▸ **Exercise**
Below are several records. Retype exactly those lines running from the one with "Proof. by rewrite /pmul /= !gmulA. Qed." through the one with "Proof. by rewrite /pmul /= !gmulV. Qed.", end lines included, and no others.

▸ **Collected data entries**
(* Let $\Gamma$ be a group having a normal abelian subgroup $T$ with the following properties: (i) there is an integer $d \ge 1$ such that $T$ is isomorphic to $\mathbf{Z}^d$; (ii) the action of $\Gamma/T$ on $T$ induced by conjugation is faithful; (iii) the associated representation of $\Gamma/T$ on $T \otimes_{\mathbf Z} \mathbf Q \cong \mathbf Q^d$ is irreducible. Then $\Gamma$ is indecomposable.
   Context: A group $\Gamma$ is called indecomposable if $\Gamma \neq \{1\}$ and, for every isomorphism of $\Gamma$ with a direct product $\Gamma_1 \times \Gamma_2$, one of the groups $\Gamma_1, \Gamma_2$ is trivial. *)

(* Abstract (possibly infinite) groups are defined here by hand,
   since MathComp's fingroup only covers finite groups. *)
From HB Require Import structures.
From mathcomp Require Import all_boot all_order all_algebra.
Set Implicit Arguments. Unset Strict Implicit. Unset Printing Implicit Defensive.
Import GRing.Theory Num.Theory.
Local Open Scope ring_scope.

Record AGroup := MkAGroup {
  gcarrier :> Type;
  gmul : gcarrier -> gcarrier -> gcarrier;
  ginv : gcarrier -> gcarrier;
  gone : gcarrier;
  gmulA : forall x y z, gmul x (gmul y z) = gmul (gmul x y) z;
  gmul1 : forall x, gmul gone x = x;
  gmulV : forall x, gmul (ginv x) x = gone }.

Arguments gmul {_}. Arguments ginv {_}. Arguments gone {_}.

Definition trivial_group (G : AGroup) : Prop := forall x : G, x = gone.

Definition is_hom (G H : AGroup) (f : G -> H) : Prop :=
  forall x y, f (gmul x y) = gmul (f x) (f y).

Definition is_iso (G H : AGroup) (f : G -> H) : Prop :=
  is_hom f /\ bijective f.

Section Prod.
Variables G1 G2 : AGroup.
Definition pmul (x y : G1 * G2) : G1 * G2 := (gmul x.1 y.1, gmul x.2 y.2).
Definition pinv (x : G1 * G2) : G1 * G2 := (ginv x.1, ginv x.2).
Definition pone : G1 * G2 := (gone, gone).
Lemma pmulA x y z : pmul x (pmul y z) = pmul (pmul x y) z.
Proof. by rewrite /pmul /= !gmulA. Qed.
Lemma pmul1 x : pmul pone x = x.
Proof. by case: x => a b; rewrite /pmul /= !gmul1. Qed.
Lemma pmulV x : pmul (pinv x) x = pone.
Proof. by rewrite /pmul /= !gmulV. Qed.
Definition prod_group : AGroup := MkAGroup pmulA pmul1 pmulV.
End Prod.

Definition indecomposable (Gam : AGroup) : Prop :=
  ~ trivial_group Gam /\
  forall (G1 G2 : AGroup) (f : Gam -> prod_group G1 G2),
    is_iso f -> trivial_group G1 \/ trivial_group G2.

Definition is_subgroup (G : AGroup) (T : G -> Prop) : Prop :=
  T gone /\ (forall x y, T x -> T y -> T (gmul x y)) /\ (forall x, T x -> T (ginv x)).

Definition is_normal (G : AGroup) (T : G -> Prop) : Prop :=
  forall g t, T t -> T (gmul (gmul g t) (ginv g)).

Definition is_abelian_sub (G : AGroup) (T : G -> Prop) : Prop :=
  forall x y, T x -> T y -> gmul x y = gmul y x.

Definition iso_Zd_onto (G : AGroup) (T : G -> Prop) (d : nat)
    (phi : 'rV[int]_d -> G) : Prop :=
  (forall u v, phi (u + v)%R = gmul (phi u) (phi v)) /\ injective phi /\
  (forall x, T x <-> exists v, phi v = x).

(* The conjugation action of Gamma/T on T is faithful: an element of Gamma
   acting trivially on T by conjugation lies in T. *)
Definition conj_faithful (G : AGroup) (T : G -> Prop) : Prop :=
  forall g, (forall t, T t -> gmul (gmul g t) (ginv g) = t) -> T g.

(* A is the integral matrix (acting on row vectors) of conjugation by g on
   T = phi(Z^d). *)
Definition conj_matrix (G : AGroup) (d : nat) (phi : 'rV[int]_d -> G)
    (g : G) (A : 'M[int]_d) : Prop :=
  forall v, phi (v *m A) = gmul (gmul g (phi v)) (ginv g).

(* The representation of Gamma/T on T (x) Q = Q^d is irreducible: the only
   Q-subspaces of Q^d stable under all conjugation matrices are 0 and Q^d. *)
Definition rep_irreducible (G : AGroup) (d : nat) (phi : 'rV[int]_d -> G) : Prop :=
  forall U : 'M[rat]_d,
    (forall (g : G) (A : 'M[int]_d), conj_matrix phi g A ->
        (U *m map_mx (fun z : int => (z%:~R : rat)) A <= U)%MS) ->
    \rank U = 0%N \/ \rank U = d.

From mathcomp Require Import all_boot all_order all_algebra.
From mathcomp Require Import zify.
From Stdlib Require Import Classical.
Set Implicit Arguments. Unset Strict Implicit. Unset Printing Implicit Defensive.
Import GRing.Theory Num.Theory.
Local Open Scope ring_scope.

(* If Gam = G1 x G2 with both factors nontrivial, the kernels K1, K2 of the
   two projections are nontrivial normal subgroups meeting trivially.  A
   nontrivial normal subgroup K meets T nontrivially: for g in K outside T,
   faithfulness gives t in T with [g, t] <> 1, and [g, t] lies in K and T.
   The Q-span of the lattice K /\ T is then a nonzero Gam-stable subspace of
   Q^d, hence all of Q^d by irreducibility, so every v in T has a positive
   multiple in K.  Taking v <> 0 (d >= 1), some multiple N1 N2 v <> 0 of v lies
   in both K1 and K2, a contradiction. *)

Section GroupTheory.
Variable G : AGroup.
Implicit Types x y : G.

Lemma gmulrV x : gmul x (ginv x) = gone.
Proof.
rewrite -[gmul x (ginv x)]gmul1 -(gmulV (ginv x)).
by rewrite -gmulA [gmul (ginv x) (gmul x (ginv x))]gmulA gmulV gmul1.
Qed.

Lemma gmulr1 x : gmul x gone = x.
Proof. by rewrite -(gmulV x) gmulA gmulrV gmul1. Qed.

▸ **Problem solution**
Proof. by rewrite /pmul /= !gmulA. Qed.
Lemma pmul1 x : pmul pone x = x.
Proof. by case: x => a b; rewrite /pmul /= !gmul1. Qed.
Lemma pmulV x : pmul (pinv x) x = pone.
Proof. by rewrite /pmul /= !gmulV. Qed.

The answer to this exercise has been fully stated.